NEWS OF 150 YEARS AGO
November/December 1859
From The Missouri Democrat, Thursday, November 10, 1859.
ANOTHER ARSENAL SACKED.
ANOTHER TOWN CAPTURED.
NO EXCITEMENT WHATEVER.
We copy from the Report of the Congressional Investigating Committee on Kansas affairs, the affidavit of Capt. Luther Leonard, concerning the capture and plundering of the United States military depot at Liberty, Mo., which, as the public are aware, did not elicit the least suspicion of treason among the authorities at Washington! The statement will be found in pages I, 129, 1, 130, and 1,131 of the Report aforesaid:
I am military storekeeper at the Missouri depot, Liberty, Missouri. I have been stationed there ten years last March, having charge of the arsenal, which contains arms and ammunition of all descriptions. On the 4th of December, 1855, my clerk, Mr. Grant, came from town and said there was some talk of their coming down to the arsenal to get arms, but he did not think they would do so. I took no measures of defence, as I never thought they would come, and my clerk told me he did not believe they would come. A little after noon, I saw Judge James T. V. Thompson in the arsenal yard, and I walked up to him, and greeted him civilly, and asked him to walk to my quarters. He declined going to my quarters, and said he would like to look about a little. I took him into the armorer’s shop first, and intended going all about with him. We had been there but a short time before I saw through the windows a number of people outside. I wished to go out and see what was going on. In the meantime, a number of men had slipped into the armory where we were. When I wished to go out, there were men at the door who told me very civilly I could not go. One of them was Mr. Bouton, my clerk’s (Mr. Grant) father-in-law. I took hold of him, and gave him a little push; but he said, good naturedly enough, it was of no use, as I could not go out. I told him I was an old man, with a dislocated shoulder, and but one eye, and I should not undertake to fight with them. I told Judge Thompson I thought it was poor business for the United States to build arsenals for a mob to break open.

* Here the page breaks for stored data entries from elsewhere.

Lemma root_val_root i : (1 <= i <= k)%N ->
  chebU (root_val i) k.+1 + chebU (root_val i) k = 0.
Proof.
move=> /andP [i1 ik].
have ti0 : theta ^+ i != 0 by rewrite expf_neq0 // theta_neq0.
have val_neq0 : root_val i != 0.
  apply: contra_neq (lt0n_neq0 i1) => E; apply: root_val_inj => //.
  by rewrite E /root_val expr0 invr1 -mulr2n -mulr_natr mul1r two0.
have := @chebU_trig _ k.*2.+1 ti0.
rewrite -exprM mulnC exprM (prim_expr_order prim) expr1n invr1.
rewrite -mulr2n -mulr_natr mul1r two0 chebU_odd // => /eqP.
by rewrite mulf_eq0 (negbTE val_neq0) expf_eq0 /= => /eqP.
Qed.

(* U_(2k+1)(z) = 0 exactly at the k values theta^i + theta^-i, 1 <= i <= k:
   they are k distinct roots of the degree-k polynomial U_(k+1) + U_k,
   and U_(2k+1) is its square. *)
Lemma chebU_odd_neq0 z :
  chebU z (k.*2.+1) != 0 <-> (forall i, (1 <= i <= k)%N -> z != root_val i).
Proof.
rewrite chebU_odd // expf_eq0 /=; split=> [U_neq0 i ik | not_root].
  by apply: contraNneq U_neq0 => ->; rewrite root_val_root.
apply/negP => /eqP Uz0.
pose p : {poly L} := chebU 'X k.+1 + chebU 'X k.
have size_p : size p = k.+1 by rewrite size_addl !size_chebU.
have p_neq0 : p != 0 by rewrite -size_poly_eq0 size_p.
have p_roots : all (root p) (z :: map root_val (iota 1 k)).
  apply/allP => x; rewrite inE => /predU1P [-> | /mapP [i]].
    by rewrite /root hornerD !chebU_horner Uz0.
  rewrite mem_iota => i_range ->; rewrite /root hornerD !chebU_horner.
  by rewrite root_val_root //; apply/andP; split; lia.
have roots_uniq : uniq (z :: map root_val (iota 1 k)).
  rewrite /= map_inj_in_uniq ?iota_uniq ?andbT.
    apply/mapP => [[i]]; rewrite mem_iota => i_range.
    by apply/eqP/not_root; apply/andP; split; lia.
  by move=> i j; rewrite !mem_iota => ir jr; apply: root_val_inj; lia.
have := max_poly_roots p_neq0 p_roots roots_uniq.
by rewrite size_p /= size_map size_iota ltnn.
Qed.

End RootsOfUnity.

The judge and the others told me there were troubles in Kansas, and they wanted arms, but would do nothing wrong with them. I told the judge this was aggressive on the part of Missouri, and every community was competent to take care of its own affairs, and that the Missourians ought not to interfere. A good deal more was said on both sides, and I felt indignant at the aggression. The judge himself did not say an uncivil word to me. I had not expected any such thing as this when I first saw the judge, or I could have had the gates locked.
The mob proceeded to take arms, forcing the doors, and took three six-pounders, some swords, pistols, rifles and ammunition, powder, balls, &c., as much as they wanted. They broke some doors open. I do not know how they got the keys to get into the powder magazine, which is composed of brick, and had double doors. Captain Price was the leading man in the crowd, as I understood. Mr. Rout was there. I was kept in the room until the men had got all the arms and ammunition they wanted and had gone away-Judge Thompson being the last one when he let me go out, and then he left himself. Some six or eight days afterwards the guns were returned to the arsenal. They were left, I was told, at Colonel Allen’s place, some three-quarters of a mile from the arsenal. In the meantime I had reported the facts to Colonel Sumner, and he had sent down a company of dragoons. The men sent to me to know if I would receive the arms, and I told them I was not in command, and referred them to Captain Beall, and they told them to bring them along, and they did so, and they were received. Among the property taken was some artillery harness. I cannot recollect how many sets. There were some deficiencies in the number of rifles, swords, and pistols, and some harness returned, but I cannot state the precise particulars. These deficiencies have never been made up by the citizens of Missouri, but I have been instructed by Colonel Craig, the head of the ordnance department at Washington, to purchase sufficient of such articles to make up the deficiency, and we did so; but the swords, pistols and rifles we have not been able to make up. I do not know how much has been expended in making up this deficiency. Immediately after this robbery I reported the circumstances to Col. Craig at Washington, specifying the number and amount of each of the different articles taken. In the course of the winter he sent the orders to ship the public property to Fort Leavenworth and St. Louis arsenal, giving me a schedule of the amount to be take to each place, which I did as soon as navigation opened.
L. LEONARD, M. S. K.
Steamboat Polar Star, Missouri river, June 10, 1856.